The governance question ran through all of it. Regulators will require accountability, system validation, and the ability to explain every AI-driven decision. Alison laid out what a human oversight model would actually need: review gates for the first patients, defined processes for model drift, deviation handling that feeds into existing quality management. An AI validation plan sitting alongside the standard data management plan, defining upfront which data the system handles autonomously, which routes require human sign-off, and how confidence thresholds were set, is the direction the session pointed to. Both agreed this is where things are heading.

The recording covers material this post doesn’t have room for.

Derk walks through Castor Catalyst‘s visual audit trail in detail (37:17): a replay capability that shows what the AI agent did and why, step by step, in terms a human reviewer can follow. He makes a counterintuitive point that’s worth the watch on its own. An AI creates a more complete audit record than a human doing the same work, because a CRA doing source data verification doesn’t log every step in their reasoning. The AI logs all of it.

The Q&A includes a direct exchange on automation bias (43:11): how you stop human review from becoming a rubber stamp when the AI is right most of the time. It gets into ensemble validation approaches and why the problem isn’t actually new to this industry.

And Alison closes with a use case worth pursuing (42:10): using AI to track clean patients and flag what still needs doing before an interim deliverable. Straightforward in theory. Harder than it sounds when your systems don’t talk to each other.

Watch the full session on demand

Forty-five minutes on where AI is actually landing in clinical trial data management, built for anyone making technology decisions in the space.

Watch now

Frequently asked questions

Can AI replace programmed edit checks in clinical trials?

Possibly, but not without evidence first. Alison’s position in the session was that sponsors will want proof that an AI-driven approach produces outcomes at least as good as traditional edit checks before they adopt it. The practical path is to run both models in parallel on a study with known edit check history, compare what each system flags, and build a retroactive benchmark. Derk described how Castor applies this with Castor Catalyst, using real source data to validate AI performance against the historical record before asking any sponsor to trust it.

How do you prevent human review of AI output from becoming a rubber stamp?
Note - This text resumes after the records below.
(* For a flat virtual braid $\beta\in FVB_n$ let $G(\beta)$ be the quotient of the free group $F_{2n}$ with free basis $x_1,\dots,x_n,y_1,\dots,y_n$ by the relations $\theta(\beta)(x_i)=x_i$, $\theta(\beta)(y_i)=y_i$ ($i=1,\dots,n$) together with the relations $y_1=y_2=\dots=y_n$. Then $G(\beta)$ depends (up to isomorphism) not on the braid $\beta$ but only on its closure $\widehat\beta$: if $\beta\in FVB_n$ and $\beta'\in FVB_{n'}$ have equivalent closures, then $G(\beta)\cong G(\beta')$.
   Context: $FVB_n$ is the flat virtual braid group: generators $\sigma_1,\dots,\sigma_{n-1},\rho_1,\dots,\rho_{n-1}$, relations $\sigma_i\sigma_j=\sigma_j\sigma_i$, $\rho_i\rho_j=\rho_j\rho_i$, $\sigma_i\rho_j=\rho_j\sigma_i$ for $|i-j|\ge2$; $\sigma_i\sigma_{i+1}\sigma_i=\sigma_{i+1}\sigma_i\sigma_{i+1}$; $\rho_i\rho_{i+1}\rho_i=\rho_{i+1}\rho_i\rho_{i+1}$; $\rho_i\rho_{i+1}\sigma_i=\sigma_{i+1}\rho_i\rho_{i+1}$; $\rho_i^2=\sigma_i^2=1$. $\theta:FVB_n\to{\rm Aut}(F_{2n})$ is the homomorphism with $\theta(\sigma_i):x_i\mapsto x_{i+1}y_{i+1},\ x_{i+1}\mapsto x_iy_{i+1}^{-1}$ and $\theta(\rho_i):x_i\leftrightarrow x_{i+1},\ y_i\leftrightarrow y_{i+1}$ (other generators fixed), automorphisms composed on the right, $(fg)(x)=g(f(x))$. The closure $\widehat\beta$ of a flat virtual braid is the flat virtual link diagram obtained by joining the top and bottom endpoints of its strands (flat crossings for $\sigma_i$, virtual crossings for $\rho_i$), and closures are compared up to equivalence of flat virtual links. *)

From mathcomp Require Import all_boot.
From Stdlib Require Import Relation_Operators.
Set Implicit Arguments. Unset Strict Implicit. Unset Printing Implicit Defensive.

(* Generators of FVB_n, 0-based: [Sig i] is sigma_(i+1), [Rho i] is rho_(i+1),
   for i < n-1.  An element of FVB_n is represented by a word (seq) in these
   generators (they are involutions, so no inverse letters are needed).     *)
Inductive fvb_gen (n : nat) : Type :=
| Sig of 'I_n.-1
| Rho of 'I_n.-1.

(* A generator is (isy, i): x_i if isy = false, y_i if isy = true (0-based). *)
Definition fgen := (bool * nat)%type.
(* A letter is (generator, inverted?). *)
Definition fletter := (fgen * bool)%type.
Definition fword := seq fletter.

Definition winv (u : fword) : fword := rev [seq (l.1, ~~ l.2) | l <- u].

Definition subst (s : fgen -> fword) (u : fword) : fword :=
  flatten [seq if l.2 then winv (s l.1) else s l.1 | l <- u].

Definition theta_gen n (g : fvb_gen n) (a : fgen) : fword :=
  match g with
  | Sig i =>
      if a.1 then [:: (a, false)]
      else if a.2 == i then [:: ((false, i.+1), false); ((true, i.+1), false)]
      else if a.2 == i.+1 then [:: ((false, nat_of_ord i), false); ((true, i.+1), true)]
      else [:: (a, false)]
  | Rho i =>
      let k := a.2 in
      let k' := if k == i then i.+1 else if k == i.+1 then nat_of_ord i else k in
      [:: ((a.1, k'), false)]
  end.

(* theta(beta)(a), with right composition (fg)(x) = g(f(x)):
   theta(g1 g2 ... gk)(a) = theta(gk)( ... theta(g1)(a) ...). *)
Definition theta n (w : seq (fvb_gen n)) (a : fgen) : fword :=
  foldl (fun u g => subst (theta_gen g) u) [:: (a, false)] w.

Definition Grel n (w : seq (fvb_gen n)) (r : fword) : Prop :=
  exists i, i < n /\
    (r = theta w (false, i) ++ [:: ((false, i), true)] \/
     r = theta w (true, i) ++ [:: ((true, i), true)] \/
     (i.+1 < n /\ r = [:: ((true, i), false); ((true, i.+1), true)])).

(* Equality in the group <generators | R>: congruence generated by free
   cancellation and deletion of relators. *)
Inductive greq (R : fword -> Prop) : fword -> fword -> Prop :=
| greq_refl u : greq R u u
| greq_sym u v : greq R u v -> greq R v u
| greq_trans u v w : greq R u v -> greq R v w -> greq R u w
| greq_red u v (a : fletter) : greq R (u ++ a :: (a.1, ~~ a.2) :: v) (u ++ v)
| greq_rel u v r : R r -> greq R (u ++ r ++ v) (u ++ v).

Definition valid (n : nat) (u : fword) : bool := all (fun l => l.1.2 < n) u.

(* Isomorphism of the presented groups <x_i, y_i (i<n) | R> and
   <x_i, y_i (i<n') | R'>: mutually inverse homomorphisms, given by
   images of generators respecting the relators. *)
Definition pres_iso (n : nat) (R : fword -> Prop) (n' : nat) (R' : fword -> Prop) : Prop :=
  exists (phi psi : fgen -> fword),
    (forall a : fgen, a.2 < n -> valid n' (phi a)) /\
    (forall a : fgen, a.2 < n' -> valid n (psi a)) /\
    (forall r, R r -> greq R' (subst phi r) [::]) /\
    (forall r, R' r -> greq R (subst psi r) [::]) /\
    (forall a : fgen, a.2 < n -> greq R (subst psi (phi a)) [:: (a, false)]) /\
    (forall a : fgen, a.2 < n' -> greq R' (subst phi (psi a)) [:: (a, false)]).

(* A flat virtual link diagram is encoded by its (flat) Gauss diagram:
   one cyclic word per component, listing the passages through the flat
   crossings in order along the component.  A passage is (c, tl): c the
   crossing label, tl = true iff this passage is the tail of the arrow of
   crossing c.  Convention: the arrow goes from passage p to passage q iff
   (tangent_p, tangent_q) is a positive basis of the plane.  Virtual
   crossings are invisible. *)
Definition gletter := (nat * bool)%type.
Definition gdiag := seq (seq gletter).

Definition glabels (D : gdiag) : seq nat := [seq l.1 | l <- flatten D].

Definition ins_at (T : Type) (s : seq T) (p : nat) (x : seq T) : seq T :=
  take p s ++ x ++ drop p s.

Definition upd_comp (D : gdiag) (i : nat) (s : seq gletter) : gdiag :=
  set_nth [::] D i s.

Definition swap2 (s : seq gletter) (p : nat) : seq gletter :=
  take p s ++ [:: nth (0, false) s p.+1; nth (0, false) s p] ++ drop p.+2 s.

Definition R1step (D D' : gdiag) : Prop :=
  exists i p c (b : bool), i < size D /\ c \notin glabels D /\
    D' = upd_comp D i (ins_at (nth [::] D i) p [:: (c, b); (c, ~~ b)]).

(* Reidemeister 2: insert a bigon between two arcs (parallel or antiparallel) *)
Definition R2step (D D' : gdiag) : Prop :=
  exists i p j q c d (ba antipar : bool),
    c \notin glabels D /\ d \notin glabels D /\ c != d /\
    i < size D /\ j < size D /\ ~~ ((i == j) && (q == p.+1)) /\
    let X := [:: (c, ba); (d, ~~ ba)] in
    let Y := if antipar then [:: (d, ba); (c, ~~ ba)]
             else [:: (c, ~~ ba); (d, ba)] in
    let D1 := upd_comp D i (ins_at (nth [::] D i) p X) in
    D' = upd_comp D1 j (ins_at (nth [::] D1 j) q Y).

Definition cluster (D : gdiag) (ip : nat * nat) : gletter * gletter :=
  (nth (0, false) (nth [::] D ip.1) ip.2, nth (0, false) (nth [::] D ip.1) ip.2.+1).

Definition cl_ok (D : gdiag) (ip : nat * nat) : bool :=
  (ip.1 < size D) && (ip.2.+1 < size (nth [::] D ip.1)).

Definition disjoint_cl (ip jq : nat * nat) : bool :=
  (ip.1 != jq.1) || (ip.2.+1 < jq.2) || (jq.2.+1 < ip.2).

Definition tailof (X : gletter * gletter) (p : nat) : bool :=
  if X.1.1 == p then X.1.2 else X.2.2.

(* Reidemeister 3: three arcs A, B, C pairwise crossing (at crossings
   p = AB, q = BC, r = CA), each arc carrying its two crossings as
   consecutive passages; the move reverses the order on each arc.  The
   configuration must be realizable by a triangle of three oriented lines,
   which amounts to the parity condition below. *)
Definition R3step (D D' : gdiag) : Prop :=
  exists (a b c : nat * nat) (p q r : nat),
    [&& cl_ok D a, cl_ok D b, cl_ok D c,
        disjoint_cl a b, disjoint_cl b c & disjoint_cl a c] /\
    [&& p != q, q != r & p != r] /\
    let A := cluster D a in let B := cluster D b in let C := cluster D c in
    perm_eq [:: A.1.1; A.2.1] [:: p; r] /\
    perm_eq [:: B.1.1; B.2.1] [:: p; q] /\
    perm_eq [:: C.1.1; C.2.1] [:: q; r] /\
    let fA := A.1.1 == p in   (* A meets B first *)
    let fB := B.1.1 == q in   (* B meets C first *)
    let fC := C.1.1 == r in   (* C meets A first *)
    let dAB := tailof A p in  (* arrow A -> B at crossing AB *)
    let dBC := tailof B q in
    let dCA := tailof C r in
    (dAB (+) fA (+) fB == dBC (+) fB (+) fC) /\
    (dBC (+) fB (+) fC == dCA (+) fC (+) fA) /\
    let D1 := upd_comp D a.1 (swap2 (nth [::] D a.1) a.2) in
    let D2 := upd_comp D1 b.1 (swap2 (nth [::] D1 b.1) b.2) in
    D' = upd_comp D2 c.1 (swap2 (nth [::] D2 c.1) c.2).

Definition Rotstep (D D' : gdiag) : Prop :=
  exists i, i < size D /\ D' = upd_comp D i (rot 1 (nth [::] D i)).

Definition Permstep (D D' : gdiag) : Prop := perm_eq D D'.

Definition Relabstep (D D' : gdiag) : Prop :=
  exists f : nat -> nat, injective f /\ D' = [seq [seq (f l.1, l.2) | l <- s] | s <- D].

Definition fstep (D D' : gdiag) : Prop :=
  R1step D D' \/ R2step D D' \/ R3step D D' \/
  Rotstep D D' \/ Permstep D D' \/ Relabstep D D'.

Definition flat_equiv : gdiag -> gdiag -> Prop := clos_refl_sym_trans gdiag fstep.

(* The braid word is drawn from top to bottom, strands oriented downwards;
   strands are identified by their top position.  At sigma_(i+1) the strand
   arriving at position i+1 carries the tail of the arrow, the one arriving
   at position i the head (positive-basis convention above).  The crossing
   label is the index of the letter in the word. *)
Definition swapn (pm : seq nat) (i : nat) : seq nat :=
  set_nth 0 (set_nth 0 pm i (nth 0 pm i.+1)) i.+1 (nth 0 pm i).

Definition push (L : seq (seq gletter)) (s : nat) (x : gletter) :=
  set_nth [::] L s (rcons (nth [::] L s) x).

Definition cl_step n (st : seq nat * seq (seq gletter)) (tg : nat * fvb_gen n) :=
  let: (pm, L) := st in
  let: (t, g) := tg in
  match g with
  | Sig i => let a := nth 0 pm i in let b := nth 0 pm i.+1 in
             (swapn pm i, push (push L b (t, true)) a (t, false))
  | Rho i => (swapn pm i, L)
  end.

Definition cl_data n (w : seq (fvb_gen n)) :=
  foldl (@cl_step n) (iota 0 n, nseq n [::]) (zip (iota 0 (size w)) w).

Definition fvb_closure n (w : seq (fvb_gen n)) : gdiag :=
  let pmF := (cl_data w).1 in
  let L := (cl_data w).2 in
  (* strand s ends at bottom position (index s pmF), which is joined to the
     top of the strand starting at that position *)
  let nxt := fun s => index s pmF in
  let clen := fun s => (find (fun k => iter k.+1 nxt s == s) (iota 0 n)).+1 in
  let cyc := fun s => traject nxt s (clen s) in
  [seq flatten [seq nth [::] L j | j <- cyc s]
  | s <- iota 0 n & all (fun j => s <= j) (cyc s)].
Automation bias (accepting high-quality AI suggestions without scrutiny) was raised in the Q&A. Derk described one approach Castor uses internally: running a separate AI validation step using a different model or model family to check the output of the first. This creates a consensus check rather than relying on a human reviewer to spot errors in a mostly-correct stream. Risk stratification is the other mechanism: routing the highest-stakes data (adverse events, primary endpoints) through mandatory human review, while lower-risk data moves at a different pace. Derk also made the point that this problem isn’t unique to AI. It’s already present when a CRA does source data verification, and at least with AI you have an audit trail of every decision.

Where should clinical data management teams start with AI adoption?

The session framed it as a progression tied to what you can validate and demonstrate to a sponsor or regulator. Document generation (drafting data management plans, SAPs, validation protocols) is where most teams start, with full human review. Edit checks and query management are the next steps, but both require evidence of equivalence or improvement before replacing the traditional approach. The key point Alison made: process redesign matters more than tool selection. Overlaying AI on an existing workflow rarely produces the efficiency gains clinical data management teams are looking for. The gains come from thinking carefully about where human involvement actually needs to be.

References

  1. Castor LinkedIn Live session: “What AI replaces in Phase 2/3 data management — and what it doesn’t.” Recorded March 31, 2026. Featuring Alison Bishop (data management specialist) and Derk Arts (CEO, Castor).